② 제1항의 승낙은 당 사이트가 제공하는 과학기술정보검색, 맞춤정보, 서지정보 등 다른 서비스의 이용승낙을
포함합니다.
제 6 조 (회원가입)
서비스를 이용하고자 하는 고객은 당 사이트에서 정한 회원가입양식에 개인정보를 기재하여 가입을 하여야 합니다.
제 7 조 (개인정보의 보호 및 사용)
당 사이트는 관계법령이 정하는 바에 따라 회원 등록정보를 포함한 회원의 개인정보를 보호하기 위해 노력합니다. 회원 개인정보의 보호 및 사용에 대해서는 관련법령 및 당 사이트의 개인정보 보호정책이 적용됩니다.
제 8 조 (이용 신청의 승낙과 제한)
① 당 사이트는 제6조의 규정에 의한 이용신청고객에 대하여 서비스 이용을 승낙합니다.
② 당 사이트는 아래사항에 해당하는 경우에 대해서 승낙하지 아니 합니다.
- 이용계약 신청서의 내용을 허위로 기재한 경우
- 기타 규정한 제반사항을 위반하며 신청하는 경우
제 9 조 (회원 ID 부여 및 변경 등)
① 당 사이트는 이용고객에 대하여 약관에 정하는 바에 따라 자신이 선정한 회원 ID를 부여합니다.
② 회원 ID는 원칙적으로 변경이 불가하며 부득이한 사유로 인하여 변경 하고자 하는 경우에는 해당 ID를
해지하고 재가입해야 합니다.
③ 기타 회원 개인정보 관리 및 변경 등에 관한 사항은 서비스별 안내에 정하는 바에 의합니다.
제 3 장 계약 당사자의 의무
제 10 조 (KISTI의 의무)
① 당 사이트는 이용고객이 희망한 서비스 제공 개시일에 특별한 사정이 없는 한 서비스를 이용할 수 있도록
하여야 합니다.
② 당 사이트는 개인정보 보호를 위해 보안시스템을 구축하며 개인정보 보호정책을 공시하고 준수합니다.

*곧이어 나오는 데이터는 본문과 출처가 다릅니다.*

(* Let $w\ge0$ and let $\tilde x:[0,1]\to\mathbb R$ solve $$\tilde x'(s)=(w+1)-w\tanh\bigl(s\,\tilde x(s)\bigr),\qquad \tilde x(0)=x.$$ If $x\ge-\frac{\sqrt{w+1}}{2}$, then $\tilde x(1)\ge\frac{\sqrt{w+1}}{4}$.
   Context: This ODE is the (time-reparametrized, $T\to\infty$ limit of the) guided probability flow ODE with guidance parameter $w$ toward the component $z=+1$ for the Gaussian mixture $\frac12\mathcal N(1,1)+\frac12\mathcal N(-1,1)$; $\tilde x(1)$ is the output sample for initialization $x$. *)

From Stdlib Require Import Reals.
From Coquelicot Require Import Coquelicot.
Open Scope R_scope.

From Stdlib Require Import Reals Lra.
From Coquelicot Require Import Coquelicot.
Open Scope R_scope.

(* Write a := sqrt (w + 1).  The drift is always at least 1, so the solution is
   increasing; if it ended below a/4 it would stay below a/4 on the whole of
   [0, 1], and then the drift at time s is at least a^2 exp (- s a / 2).
   Integrating, xt 1 - x >= 2a (1 - exp (- a / 2)) >= 3a/4 because a >= 1,
   so xt 1 >= - a/2 + 3a/4 = a/4 after all. *)

Definition guided_drift (w t : R) : R := (w + 1) - w * tanh t.

Lemma one_sub_tanh (t : R) : 1 - tanh t = 2 / (exp (2 * t) + 1).
Proof.
  unfold tanh, sinh, cosh.
  replace (2 * t) with (t + t) by ring.
  rewrite exp_plus; unfold Rminus; rewrite exp_Ropp.
  assert (Hpos := exp_pos t).
  field_simplify; [reflexivity | nra | split; nra].
Qed.

Lemma exp_le_exp (x y : R) : x <= y -> exp x <= exp y.
Proof.
  intros [Hlt | ->]; [now left; apply exp_increasing | now right].
Qed.

Lemma exp_neg_half_le : exp (- (1 / 2)) <= 5 / 8.
Proof.
  assert (Hq := exp_ineq1 (1 / 8) ltac:(lra)).
  assert (Hhalf : exp (1 / 2) = exp (1 / 8) * exp (1 / 8) * (exp (1 / 8) * exp (1 / 8))).
  { rewrite <- !exp_plus; f_equal; lra. }
  assert (Hge : 8 / 5 <= exp (1 / 2)).
  { rewrite Hhalf; assert (81 / 64 < exp (1 / 8) * exp (1 / 8)) by nra; nra. }
  rewrite exp_Ropp, <- (Rinv_inv (5 / 8)).
  apply Rinv_le_contravar; lra.
Qed.

Lemma guided_drift_ge1 (w t : R) : 0 <= w -> 1 <= guided_drift w t.
Proof.
  intros Hw; unfold guided_drift.
  assert (0 < 1 - tanh t).
  { rewrite one_sub_tanh; apply Rdiv_lt_0_compat; [lra |].
    assert (Hpos := exp_pos (2 * t)); lra. }
  nra.
Qed.

(* Uses 1 - tanh t = 2 / (exp (2 t) + 1) >= 2 / (2 exp (2 y)) and exp (-2y) <= 1. *)
Lemma guided_drift_ge_exp (w t y : R) :
  0 <= w -> 0 <= y -> t <= y -> (w + 1) * exp (- (2 * y)) <= guided_drift w t.
Proof.
  intros Hw Hy Hty; unfold guided_drift.
  assert (Hty2 : exp (2 * t) <= exp (2 * y)) by (apply exp_le_exp; lra).
  assert (Hy1 : 1 <= exp (2 * y)) by (rewrite <- exp_0; apply exp_le_exp; lra).
  assert (Htpos := exp_pos (2 * t)).
  assert (Hinv_le1 : / exp (2 * y) <= 1).
  { rewrite <- Rinv_1; apply Rinv_le_contravar; lra. }
  assert (Htanh : / exp (2 * y) <= 1 - tanh t).
  { rewrite one_sub_tanh.
    apply (Rmult_le_reg_r (exp (2 * y))); [lra |].
    rewrite Rinv_l by lra; unfold Rdiv.
    apply (Rmult_le_reg_r (exp (2 * t) + 1)); [lra |].
    field_simplify; lra. }
  rewrite exp_Ropp; nra.
Qed.

Lemma nondecreasing_of_derive_ge0 (f df : R -> R) (a b : R) :
  a <= b ->
  (forall s, a <= s <= b -> continuous f s) ->
  (forall s, a < s < b -> is_derive f s (df s)) ->
  (forall s, a < s < b -> 0 <= df s) ->
  f a <= f b.
Proof.
  intros Hab Hcont Hder Hsign.
  (* MVT_gen may return an endpoint, where nothing is known about df. *)
  set (df_in := fun s => if Rlt_dec a s then if Rlt_dec s b then df s else 0 else 0).
  assert (Hdf_in : forall s, a < s < b -> df_in s = df s).
  { intros s Hs; unfold df_in.
    destruct (Rlt_dec a s); [| lra]; destruct (Rlt_dec s b); [reflexivity | lra]. }
  assert (Hsign_in : forall s, 0 <= df_in s).
  { intros s; unfold df_in.
    destruct (Rlt_dec a s); [| lra]; destruct (Rlt_dec s b); [| lra].
    apply Hsign; lra. }
  destruct (MVT_gen f a b df_in) as [c [_ Hmvt]];
    rewrite ?Rmin_left, ?Rmax_right by lra.
  - intros s Hs; rewrite Hdf_in by lra; apply Hder; lra.
  - intros s Hs; apply continuity_pt_filterlim, Hcont; lra.
  - specialize (Hsign_in c); nra.
Qed.

Theorem lemma4p2 (w x : R) (xt : R -> R) :
  0 <= w ->
  (forall s, 0 <= s <= 1 -> continuous xt s) ->
  (forall s, 0 < s < 1 -> is_derive xt s ((w + 1) - w * tanh (s * xt s))) ->
  xt 0 = x ->
  x >= - sqrt (w + 1) / 2 ->
  xt 1 >= sqrt (w + 1) / 4.
Proof.
  intros Hw Hcont Hder H0 Hx.
  set (a := sqrt (w + 1)) in *.
  assert (Ha2 : a * a = w + 1) by (apply sqrt_sqrt; lra).
  assert (Ha1 : 1 <= a) by (rewrite <- sqrt_1; apply sqrt_le_1_alt; lra).
  set (drift := fun s => guided_drift w (s * xt s)).
  destruct (Rle_or_lt (a / 4) (xt 1)) as [Hdone | Hsmall]; [lra |].
  assert (Hbelow : forall s, 0 < s < 1 -> xt s <= a / 4).
  { intros s Hs.
    enough (xt s <= xt 1) by lra.
    apply (nondecreasing_of_derive_ge0 xt drift); [lra | | |].
    - intros u Hu; apply Hcont; lra.
    - intros u Hu; apply Hder; lra.
    - intros u Hu; assert (H1 := guided_drift_ge1 w (u * xt u) Hw); unfold drift; lra. }
  (* 2a exp (- s a / 2) is minus an antiderivative of the lower bound a^2 exp (- s a / 2). *)
  set (g := fun s => xt s + 2 * a * exp (- (s * a / 2))).
  assert (Hg : g 0 <= g 1).
  { apply (nondecreasing_of_derive_ge0 g (fun s => drift s - (w + 1) * exp (- (s * a / 2))));
      [lra | | |].
    - intros s Hs; apply (continuous_plus xt); [apply Hcont; lra |].
      apply ex_derive_continuous; auto_derive; exact I.
    - intros s Hs; apply (is_derive_plus xt); [apply Hder; lra |].
      rewrite <- Ha2; auto_derive; [exact I | unfold Rdiv; field].
    - intros s Hs.
      assert (Hd := guided_drift_ge_exp w (s * xt s) (s * a / 4) Hw).
      replace (- (2 * (s * a / 4))) with (- (s * a / 2)) in Hd by field.
      assert (Hb := Hbelow s Hs).
      assert (Hdrift : (w + 1) * exp (- (s * a / 2)) <= drift s) by (apply Hd; nra).
      lra. }
  assert (He : exp (- (a / 2)) <= 5 / 8).
  { eapply Rle_trans; [apply exp_le_exp | apply exp_neg_half_le]; lra. }
  unfold g in Hg.
  replace (- (0 * a / 2)) with 0 in Hg by field.
  replace (- (1 * a / 2)) with (- (a / 2)) in Hg by field.
  rewrite exp_0 in Hg.
  nra.
Qed.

③ 당 사이트는 회원으로부터 제기되는 의견이나 불만이 정당하다고 객관적으로 인정될 경우에는 적절한 절차를
거쳐 즉시 처리하여야 합니다. 다만, 즉시 처리가 곤란한 경우는 회원에게 그 사유와 처리일정을 통보하여야
합니다.
제 11 조 (회원의 의무)
① 이용자는 회원가입 신청 또는 회원정보 변경 시 실명으로 모든 사항을 사실에 근거하여 작성하여야 하며,
허위 또는 타인의 정보를 등록할 경우 일체의 권리를 주장할 수 없습니다.
② 당 사이트가 관계법령 및 개인정보 보호정책에 의거하여 그 책임을 지는 경우를 제외하고 회원에게 부여된
ID의 비밀번호 관리소홀, 부정사용에 의하여 발생하는 모든 결과에 대한 책임은 회원에게 있습니다.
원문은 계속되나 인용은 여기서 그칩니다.